Pierce himself called me into his office, showed me her file, and stressed the importance of bringing the rather mousy-looking marketing student "into the fold." As it seemed so important to him, I felt justified swiping his lucky quarter. I wasn't trying to steal his mojo. I just figured that if Ms. Rodriguez was so important, I needed all the luck I could get.

From that moment, things started going my way. Without even asking, I was upgraded on the flight out to first class. The University gave me no problems about interviewing an underclassman when they had so many seniors to shop. Even my meals at the campus cafeteria were complimentary.

I wasn't very surprised that Rosa carried a double-struck 1962 quarter with her.

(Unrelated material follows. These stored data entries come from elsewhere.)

Theorem lemma9 (R : realType) (X Y Z Xh : finType) (n M L : nat)
  (PX : X -> R) (PYX : X -> Y -> R) (PZX : X -> Z -> R)
  (d : X -> Xh -> R)
  (f : vec n Y -> 'I_L) (g : {ffun 'I_M -> 'I_L} -> vec n Z -> 'I_M)
  (h : 'I_L -> vec n Z -> vec n Xh) (D Rc Ri eta : R)
  (QY : vec n Y -> R)
  (QZ_SY : 'I_L -> vec n Y -> vec n Z -> R)
  (QX_SYZ : 'I_L -> vec n Y -> vec n Z -> vec n X -> R)
  (QXY_SZXh : 'I_L -> vec n Z -> vec n Xh -> (vec n X * vec n Y) -> R)
  (QYZ_S : 'I_L -> (vec n Y * vec n Z) -> R)
  (QZ : vec n Z -> R) :
  (0 < n)%N -> (0 < M)%N -> (0 < L)%N ->
  is_pmf PX -> is_cond_pmf PYX -> is_cond_pmf PZX ->
  is_pmf QY ->
  (forall s, is_cond_pmf (QZ_SY s)) ->
  (forall s y, is_cond_pmf (QX_SYZ s y)) ->
  (forall s z, is_cond_pmf (QXY_SZXh s z)) ->
  is_cond_pmf QYZ_S ->
  is_pmf QZ ->
  0 < eta ->
  n%:R^-1 * ln (L%:R : R) <= Rc ->
  n%:R^-1 * ln (M%:R : R) >= Ri ->
  Pc PX PYX PZX f h g d D <=
    PWT_prob (M:=M) PX PYX PZX f h
      (A_all (M:=M) PX PYX PZX f h QY QZ_SY QX_SYZ QXY_SZXh QYZ_S QZ eta Rc Ri d D)
    + 6 * expR (- (n%:R * eta)).
Proof.
move=> n_gt0 M_gt0 L_gt0 PX_pmf PYX_pmf PZX_pmf QY_pmf QZ_SY_pmf QX_SYZ_pmf
  QXY_SZXh_pmf QYZ_S_pmf QZ_pmf _ rate_L rate_M.
rewrite Pc_PWT_prob.
apply: le_trans (PWT_prob_correct_le f h PX_pmf PYX_pmf PZX_pmf g d D Rc Ri eta
  QY QZ_SY QX_SYZ QXY_SZXh QYZ_S QZ) _.
by rewrite lerD2l; apply: PWT_prob_atypical_le.
Qed.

Not wanting to tip my hand, I kept Pierce's in my pocket. I don't remember ever being so charming. My job was schmoozing, and I was on top of my form. Rosa spoke of such incoherent subjects as the importance of domain control and ISP integrators and I pretended to understand.

Rosa signed a contract that afternoon and we made a date for dinner in Boston on her arrival.

* * *

Pierce never mentioned the quarter and I didn't see any comfortable way of returning it. The corporate vice presidency in charge of marketing development was a nice surprise. I was getting used to nice surprises.

I became very active trading stocks and futures. I could do no wrong. Always a portion of my profits went to buying Gentab. I was gathering a nice little nest egg.

* * *

Rosa was making a habit of "dropping by" several evenings a week and staying till morning. I had told her that we should see other people but her unscheduled visits made that difficult, which, I was certain, was her intent. She was the most valuable asset in my division but she was getting to be pretty annoying.

Most troubling was that she always left for work an hour after I wanted to be in the office. Rosa loved me I suppose but I still couldn't get her to do things my way. She'd lie in bed late or insist on a big breakfast. When I'd tell her I needed to go, she'd just smile and tell me to go ahead and she'd lock up on her way out.

I wasn't going to give her a key.

One such morning, Rosa was running exceptionally late. I'd already cancelled the morning staff meeting and was now running late for an appointment and she was still in the shower. She had left her things haphazardly on the kitchen counter (her apartment had to be a pigsty). Several items had spilled from her purse including her 62 quarter.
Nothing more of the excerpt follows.